======== RECORDS TO PROCESS
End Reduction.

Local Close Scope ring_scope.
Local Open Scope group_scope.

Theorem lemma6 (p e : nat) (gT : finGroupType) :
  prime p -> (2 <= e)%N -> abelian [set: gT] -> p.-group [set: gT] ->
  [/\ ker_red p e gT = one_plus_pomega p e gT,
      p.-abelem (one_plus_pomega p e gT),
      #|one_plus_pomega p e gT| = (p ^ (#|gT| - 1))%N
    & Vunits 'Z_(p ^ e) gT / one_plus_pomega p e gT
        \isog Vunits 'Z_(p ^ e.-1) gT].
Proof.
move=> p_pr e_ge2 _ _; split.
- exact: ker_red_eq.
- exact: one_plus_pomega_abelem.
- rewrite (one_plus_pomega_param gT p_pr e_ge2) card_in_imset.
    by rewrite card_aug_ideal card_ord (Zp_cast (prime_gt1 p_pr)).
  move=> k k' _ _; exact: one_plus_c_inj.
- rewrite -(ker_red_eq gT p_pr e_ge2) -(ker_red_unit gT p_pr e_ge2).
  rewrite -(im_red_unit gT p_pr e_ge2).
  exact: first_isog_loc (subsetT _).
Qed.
================
======== RECORDS TO PROCESS
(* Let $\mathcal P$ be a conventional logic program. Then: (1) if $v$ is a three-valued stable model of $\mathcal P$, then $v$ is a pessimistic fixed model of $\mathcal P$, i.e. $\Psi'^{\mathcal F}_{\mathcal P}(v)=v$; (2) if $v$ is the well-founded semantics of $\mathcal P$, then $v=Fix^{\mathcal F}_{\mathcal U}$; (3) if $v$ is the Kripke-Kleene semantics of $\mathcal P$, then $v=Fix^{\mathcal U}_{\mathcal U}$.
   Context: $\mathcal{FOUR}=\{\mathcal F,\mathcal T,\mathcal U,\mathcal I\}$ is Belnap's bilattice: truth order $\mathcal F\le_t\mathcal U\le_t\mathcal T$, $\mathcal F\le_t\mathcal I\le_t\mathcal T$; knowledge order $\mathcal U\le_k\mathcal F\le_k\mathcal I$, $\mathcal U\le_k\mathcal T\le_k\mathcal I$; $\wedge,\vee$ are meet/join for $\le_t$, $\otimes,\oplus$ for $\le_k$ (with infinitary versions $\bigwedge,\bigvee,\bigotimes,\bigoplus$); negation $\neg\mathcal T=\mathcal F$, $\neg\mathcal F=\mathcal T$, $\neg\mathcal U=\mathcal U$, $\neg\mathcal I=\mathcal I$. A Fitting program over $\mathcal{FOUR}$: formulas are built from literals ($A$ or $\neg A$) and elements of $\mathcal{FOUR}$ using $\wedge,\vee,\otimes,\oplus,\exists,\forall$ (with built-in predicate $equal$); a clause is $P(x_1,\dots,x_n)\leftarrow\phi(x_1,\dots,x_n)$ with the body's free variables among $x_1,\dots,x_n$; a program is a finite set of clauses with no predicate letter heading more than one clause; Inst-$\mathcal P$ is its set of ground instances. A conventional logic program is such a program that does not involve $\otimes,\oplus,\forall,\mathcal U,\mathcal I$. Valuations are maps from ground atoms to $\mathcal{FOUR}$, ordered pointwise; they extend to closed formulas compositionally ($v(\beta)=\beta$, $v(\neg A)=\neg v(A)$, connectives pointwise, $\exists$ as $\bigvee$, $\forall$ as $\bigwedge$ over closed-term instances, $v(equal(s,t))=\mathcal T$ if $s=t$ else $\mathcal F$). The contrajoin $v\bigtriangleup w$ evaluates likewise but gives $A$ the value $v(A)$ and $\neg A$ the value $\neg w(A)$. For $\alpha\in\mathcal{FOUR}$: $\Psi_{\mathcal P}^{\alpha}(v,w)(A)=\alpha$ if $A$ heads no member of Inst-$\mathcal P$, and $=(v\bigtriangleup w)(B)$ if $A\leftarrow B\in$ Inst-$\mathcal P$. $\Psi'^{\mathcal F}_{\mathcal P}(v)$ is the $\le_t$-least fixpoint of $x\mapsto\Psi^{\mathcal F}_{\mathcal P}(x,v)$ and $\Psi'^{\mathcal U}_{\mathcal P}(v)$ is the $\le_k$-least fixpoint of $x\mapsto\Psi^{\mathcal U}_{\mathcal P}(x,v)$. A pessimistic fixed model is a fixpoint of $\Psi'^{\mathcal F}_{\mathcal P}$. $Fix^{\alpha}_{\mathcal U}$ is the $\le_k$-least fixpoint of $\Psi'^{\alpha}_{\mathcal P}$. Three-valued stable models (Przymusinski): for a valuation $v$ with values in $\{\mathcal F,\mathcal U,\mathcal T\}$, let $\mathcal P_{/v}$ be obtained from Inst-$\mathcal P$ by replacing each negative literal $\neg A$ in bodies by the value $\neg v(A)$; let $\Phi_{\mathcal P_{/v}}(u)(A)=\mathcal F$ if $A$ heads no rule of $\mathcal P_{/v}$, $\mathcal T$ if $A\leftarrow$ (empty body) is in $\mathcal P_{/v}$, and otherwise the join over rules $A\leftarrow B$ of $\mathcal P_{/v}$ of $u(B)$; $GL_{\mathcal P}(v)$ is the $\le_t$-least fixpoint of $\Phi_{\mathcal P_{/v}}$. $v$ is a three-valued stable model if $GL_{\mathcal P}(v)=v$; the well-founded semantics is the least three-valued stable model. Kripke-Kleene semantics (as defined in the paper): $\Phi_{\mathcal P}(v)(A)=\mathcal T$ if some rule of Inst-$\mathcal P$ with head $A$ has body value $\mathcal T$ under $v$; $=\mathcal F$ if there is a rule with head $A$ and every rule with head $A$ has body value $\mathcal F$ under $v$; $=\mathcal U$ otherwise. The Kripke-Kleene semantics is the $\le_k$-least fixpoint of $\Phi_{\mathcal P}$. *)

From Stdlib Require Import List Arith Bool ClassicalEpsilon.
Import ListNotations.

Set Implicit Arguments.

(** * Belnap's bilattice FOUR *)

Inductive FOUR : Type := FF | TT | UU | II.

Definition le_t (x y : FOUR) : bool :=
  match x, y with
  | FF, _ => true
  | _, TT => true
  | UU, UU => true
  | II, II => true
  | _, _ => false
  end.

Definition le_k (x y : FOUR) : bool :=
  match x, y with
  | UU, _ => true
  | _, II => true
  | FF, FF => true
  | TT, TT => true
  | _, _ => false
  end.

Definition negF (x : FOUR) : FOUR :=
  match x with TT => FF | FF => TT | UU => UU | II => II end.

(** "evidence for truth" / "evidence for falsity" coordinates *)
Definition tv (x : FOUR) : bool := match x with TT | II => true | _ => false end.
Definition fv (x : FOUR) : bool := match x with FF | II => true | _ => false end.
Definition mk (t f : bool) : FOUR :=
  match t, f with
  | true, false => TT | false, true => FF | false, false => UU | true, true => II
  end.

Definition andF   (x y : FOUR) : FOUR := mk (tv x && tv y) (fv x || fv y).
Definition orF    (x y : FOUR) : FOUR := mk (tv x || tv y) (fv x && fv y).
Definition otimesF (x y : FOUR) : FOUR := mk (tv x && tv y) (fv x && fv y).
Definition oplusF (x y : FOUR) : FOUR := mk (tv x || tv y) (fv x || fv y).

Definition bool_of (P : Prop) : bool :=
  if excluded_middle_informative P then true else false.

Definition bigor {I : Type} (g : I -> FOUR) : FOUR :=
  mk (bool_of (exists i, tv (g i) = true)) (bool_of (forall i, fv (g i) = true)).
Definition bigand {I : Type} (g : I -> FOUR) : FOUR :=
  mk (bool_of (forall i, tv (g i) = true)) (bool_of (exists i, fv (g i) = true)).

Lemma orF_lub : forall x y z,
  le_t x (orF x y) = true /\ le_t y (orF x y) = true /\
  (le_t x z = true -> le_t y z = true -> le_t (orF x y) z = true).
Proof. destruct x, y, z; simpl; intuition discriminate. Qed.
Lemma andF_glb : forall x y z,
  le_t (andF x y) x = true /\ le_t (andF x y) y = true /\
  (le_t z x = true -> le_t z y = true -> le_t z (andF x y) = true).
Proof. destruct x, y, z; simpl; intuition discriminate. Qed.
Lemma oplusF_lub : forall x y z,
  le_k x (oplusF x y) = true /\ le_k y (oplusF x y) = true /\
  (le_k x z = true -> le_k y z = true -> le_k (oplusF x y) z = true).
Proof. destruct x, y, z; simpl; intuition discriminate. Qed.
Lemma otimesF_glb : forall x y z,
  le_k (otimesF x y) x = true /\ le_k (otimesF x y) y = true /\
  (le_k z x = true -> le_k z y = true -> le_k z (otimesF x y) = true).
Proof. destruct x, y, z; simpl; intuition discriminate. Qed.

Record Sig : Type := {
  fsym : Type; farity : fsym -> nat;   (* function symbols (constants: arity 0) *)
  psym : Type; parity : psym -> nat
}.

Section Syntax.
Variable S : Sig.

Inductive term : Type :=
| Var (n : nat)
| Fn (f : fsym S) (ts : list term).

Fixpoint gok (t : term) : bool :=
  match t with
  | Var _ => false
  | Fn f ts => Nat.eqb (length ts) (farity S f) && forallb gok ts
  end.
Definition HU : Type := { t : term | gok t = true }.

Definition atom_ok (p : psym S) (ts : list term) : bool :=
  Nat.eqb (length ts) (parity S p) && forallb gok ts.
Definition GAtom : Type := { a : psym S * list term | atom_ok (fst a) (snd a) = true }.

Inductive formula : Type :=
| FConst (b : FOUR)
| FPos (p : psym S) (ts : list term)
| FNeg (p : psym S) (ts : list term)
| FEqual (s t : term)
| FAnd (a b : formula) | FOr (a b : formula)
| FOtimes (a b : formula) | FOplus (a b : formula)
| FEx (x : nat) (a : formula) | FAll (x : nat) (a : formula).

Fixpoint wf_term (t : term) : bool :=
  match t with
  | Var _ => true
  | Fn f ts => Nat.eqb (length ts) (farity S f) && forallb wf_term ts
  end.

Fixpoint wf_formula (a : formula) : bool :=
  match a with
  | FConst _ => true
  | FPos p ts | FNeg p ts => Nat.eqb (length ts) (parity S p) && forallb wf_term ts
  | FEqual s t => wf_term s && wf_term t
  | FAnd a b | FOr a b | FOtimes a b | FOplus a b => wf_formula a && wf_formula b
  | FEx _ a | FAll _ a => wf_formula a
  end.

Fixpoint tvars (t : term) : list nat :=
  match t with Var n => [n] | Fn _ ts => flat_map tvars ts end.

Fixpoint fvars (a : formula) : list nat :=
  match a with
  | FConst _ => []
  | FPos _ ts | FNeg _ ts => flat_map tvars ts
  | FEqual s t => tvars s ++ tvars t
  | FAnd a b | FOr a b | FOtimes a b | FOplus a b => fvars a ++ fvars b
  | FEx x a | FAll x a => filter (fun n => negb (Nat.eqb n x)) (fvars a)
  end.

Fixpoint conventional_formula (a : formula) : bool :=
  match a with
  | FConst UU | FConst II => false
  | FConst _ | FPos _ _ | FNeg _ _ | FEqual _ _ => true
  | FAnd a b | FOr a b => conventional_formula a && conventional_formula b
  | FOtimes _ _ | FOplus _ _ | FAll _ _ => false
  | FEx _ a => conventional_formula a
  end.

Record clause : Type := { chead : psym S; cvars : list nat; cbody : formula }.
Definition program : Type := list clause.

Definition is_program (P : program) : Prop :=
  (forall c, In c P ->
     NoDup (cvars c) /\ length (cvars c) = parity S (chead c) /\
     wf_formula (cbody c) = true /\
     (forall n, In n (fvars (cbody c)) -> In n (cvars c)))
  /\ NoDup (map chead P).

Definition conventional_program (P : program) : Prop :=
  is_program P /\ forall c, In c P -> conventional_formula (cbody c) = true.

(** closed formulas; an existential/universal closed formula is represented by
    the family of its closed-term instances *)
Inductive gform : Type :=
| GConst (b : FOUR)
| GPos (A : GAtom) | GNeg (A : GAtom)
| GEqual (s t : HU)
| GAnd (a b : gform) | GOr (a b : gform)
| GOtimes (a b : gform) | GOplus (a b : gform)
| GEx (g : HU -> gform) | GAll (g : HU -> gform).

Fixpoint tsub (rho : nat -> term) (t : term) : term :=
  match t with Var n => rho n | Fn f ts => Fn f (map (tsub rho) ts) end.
================
======== RECORDS TO PROCESS
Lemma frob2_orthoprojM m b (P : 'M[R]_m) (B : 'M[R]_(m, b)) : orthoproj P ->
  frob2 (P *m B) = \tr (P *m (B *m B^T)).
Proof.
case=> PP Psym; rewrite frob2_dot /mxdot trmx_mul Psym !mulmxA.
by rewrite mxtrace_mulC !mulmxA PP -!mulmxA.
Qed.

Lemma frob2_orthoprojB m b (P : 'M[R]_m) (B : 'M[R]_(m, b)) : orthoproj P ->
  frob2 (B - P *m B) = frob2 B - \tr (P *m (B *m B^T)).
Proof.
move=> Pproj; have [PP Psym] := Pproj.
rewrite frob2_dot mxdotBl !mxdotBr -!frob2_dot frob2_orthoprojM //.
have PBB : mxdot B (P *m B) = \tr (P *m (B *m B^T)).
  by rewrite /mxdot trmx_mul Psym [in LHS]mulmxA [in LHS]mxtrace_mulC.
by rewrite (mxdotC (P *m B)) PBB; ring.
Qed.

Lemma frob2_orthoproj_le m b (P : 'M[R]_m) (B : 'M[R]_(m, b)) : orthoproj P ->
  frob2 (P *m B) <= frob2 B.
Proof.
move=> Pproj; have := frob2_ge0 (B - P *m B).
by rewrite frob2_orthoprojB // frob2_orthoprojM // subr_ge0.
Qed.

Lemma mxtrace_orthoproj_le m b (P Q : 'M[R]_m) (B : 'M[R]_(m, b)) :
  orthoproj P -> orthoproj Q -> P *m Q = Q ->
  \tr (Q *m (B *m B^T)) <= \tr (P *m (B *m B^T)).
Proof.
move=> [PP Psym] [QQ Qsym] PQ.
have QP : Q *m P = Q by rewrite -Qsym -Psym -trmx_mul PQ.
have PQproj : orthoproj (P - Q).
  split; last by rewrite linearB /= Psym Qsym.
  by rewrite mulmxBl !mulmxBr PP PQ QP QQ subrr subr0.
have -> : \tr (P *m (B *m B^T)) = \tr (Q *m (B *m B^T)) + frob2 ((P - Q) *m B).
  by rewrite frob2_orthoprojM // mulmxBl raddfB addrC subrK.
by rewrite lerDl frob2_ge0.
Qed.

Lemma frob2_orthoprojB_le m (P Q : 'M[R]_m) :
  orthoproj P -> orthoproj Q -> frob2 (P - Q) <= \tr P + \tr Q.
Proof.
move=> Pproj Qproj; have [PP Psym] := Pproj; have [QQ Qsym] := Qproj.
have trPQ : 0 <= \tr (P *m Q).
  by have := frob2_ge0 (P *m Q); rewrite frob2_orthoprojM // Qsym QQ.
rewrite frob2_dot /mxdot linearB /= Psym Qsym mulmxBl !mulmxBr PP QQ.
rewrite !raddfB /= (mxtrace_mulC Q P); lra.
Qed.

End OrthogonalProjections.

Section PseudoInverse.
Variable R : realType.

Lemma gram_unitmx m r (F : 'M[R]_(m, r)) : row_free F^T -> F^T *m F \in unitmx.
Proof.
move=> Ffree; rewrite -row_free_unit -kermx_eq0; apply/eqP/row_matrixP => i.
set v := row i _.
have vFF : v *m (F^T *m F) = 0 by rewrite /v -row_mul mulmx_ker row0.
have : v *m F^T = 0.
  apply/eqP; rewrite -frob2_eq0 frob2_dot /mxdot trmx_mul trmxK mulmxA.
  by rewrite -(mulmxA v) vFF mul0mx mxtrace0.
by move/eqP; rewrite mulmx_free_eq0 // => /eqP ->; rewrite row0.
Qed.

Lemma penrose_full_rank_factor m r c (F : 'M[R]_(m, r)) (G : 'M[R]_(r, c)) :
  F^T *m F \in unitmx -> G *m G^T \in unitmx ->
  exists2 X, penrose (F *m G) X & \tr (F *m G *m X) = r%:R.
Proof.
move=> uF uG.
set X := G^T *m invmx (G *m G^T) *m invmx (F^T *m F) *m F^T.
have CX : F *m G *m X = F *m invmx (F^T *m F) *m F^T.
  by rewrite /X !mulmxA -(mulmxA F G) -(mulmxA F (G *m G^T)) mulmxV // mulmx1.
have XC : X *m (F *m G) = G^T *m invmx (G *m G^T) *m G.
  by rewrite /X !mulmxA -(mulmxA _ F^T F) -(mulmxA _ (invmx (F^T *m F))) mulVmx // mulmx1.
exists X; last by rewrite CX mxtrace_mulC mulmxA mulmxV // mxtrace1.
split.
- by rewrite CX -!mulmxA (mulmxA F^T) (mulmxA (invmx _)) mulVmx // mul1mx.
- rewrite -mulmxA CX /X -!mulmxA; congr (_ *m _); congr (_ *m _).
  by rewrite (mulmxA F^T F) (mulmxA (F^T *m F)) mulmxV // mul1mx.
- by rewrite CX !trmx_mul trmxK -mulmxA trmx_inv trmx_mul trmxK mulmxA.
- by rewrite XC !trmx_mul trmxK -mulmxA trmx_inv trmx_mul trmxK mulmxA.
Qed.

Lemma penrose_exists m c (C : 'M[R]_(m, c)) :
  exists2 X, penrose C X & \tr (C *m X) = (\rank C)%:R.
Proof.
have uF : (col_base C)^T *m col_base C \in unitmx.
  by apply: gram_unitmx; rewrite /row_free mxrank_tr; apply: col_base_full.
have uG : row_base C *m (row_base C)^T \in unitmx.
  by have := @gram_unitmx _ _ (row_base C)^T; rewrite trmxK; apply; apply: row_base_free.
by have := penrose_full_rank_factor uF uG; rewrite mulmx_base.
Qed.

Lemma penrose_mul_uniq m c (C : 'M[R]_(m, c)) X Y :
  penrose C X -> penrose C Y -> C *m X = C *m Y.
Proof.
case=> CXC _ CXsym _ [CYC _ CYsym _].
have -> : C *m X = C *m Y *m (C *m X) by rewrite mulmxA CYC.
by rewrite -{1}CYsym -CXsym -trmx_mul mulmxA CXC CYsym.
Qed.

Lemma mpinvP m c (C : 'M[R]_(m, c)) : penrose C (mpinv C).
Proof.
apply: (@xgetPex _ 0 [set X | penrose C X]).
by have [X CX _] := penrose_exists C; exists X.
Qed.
================
**WORK TO COMPLETE**
Copy out only the lines of the records above from the one with "set X := G^T" through the one with "have XC : X", exactly as they stand, both included.

**ANSWER SECTION**
set X := G^T *m invmx (G *m G^T) *m invmx (F^T *m F) *m F^T.
have CX : F *m G *m X = F *m invmx (F^T *m F) *m F^T.
  by rewrite /X !mulmxA -(mulmxA F G) -(mulmxA F (G *m G^T)) mulmxV // mulmx1.
have XC : X *m (F *m G) = G^T *m invmx (G *m G^T) *m G.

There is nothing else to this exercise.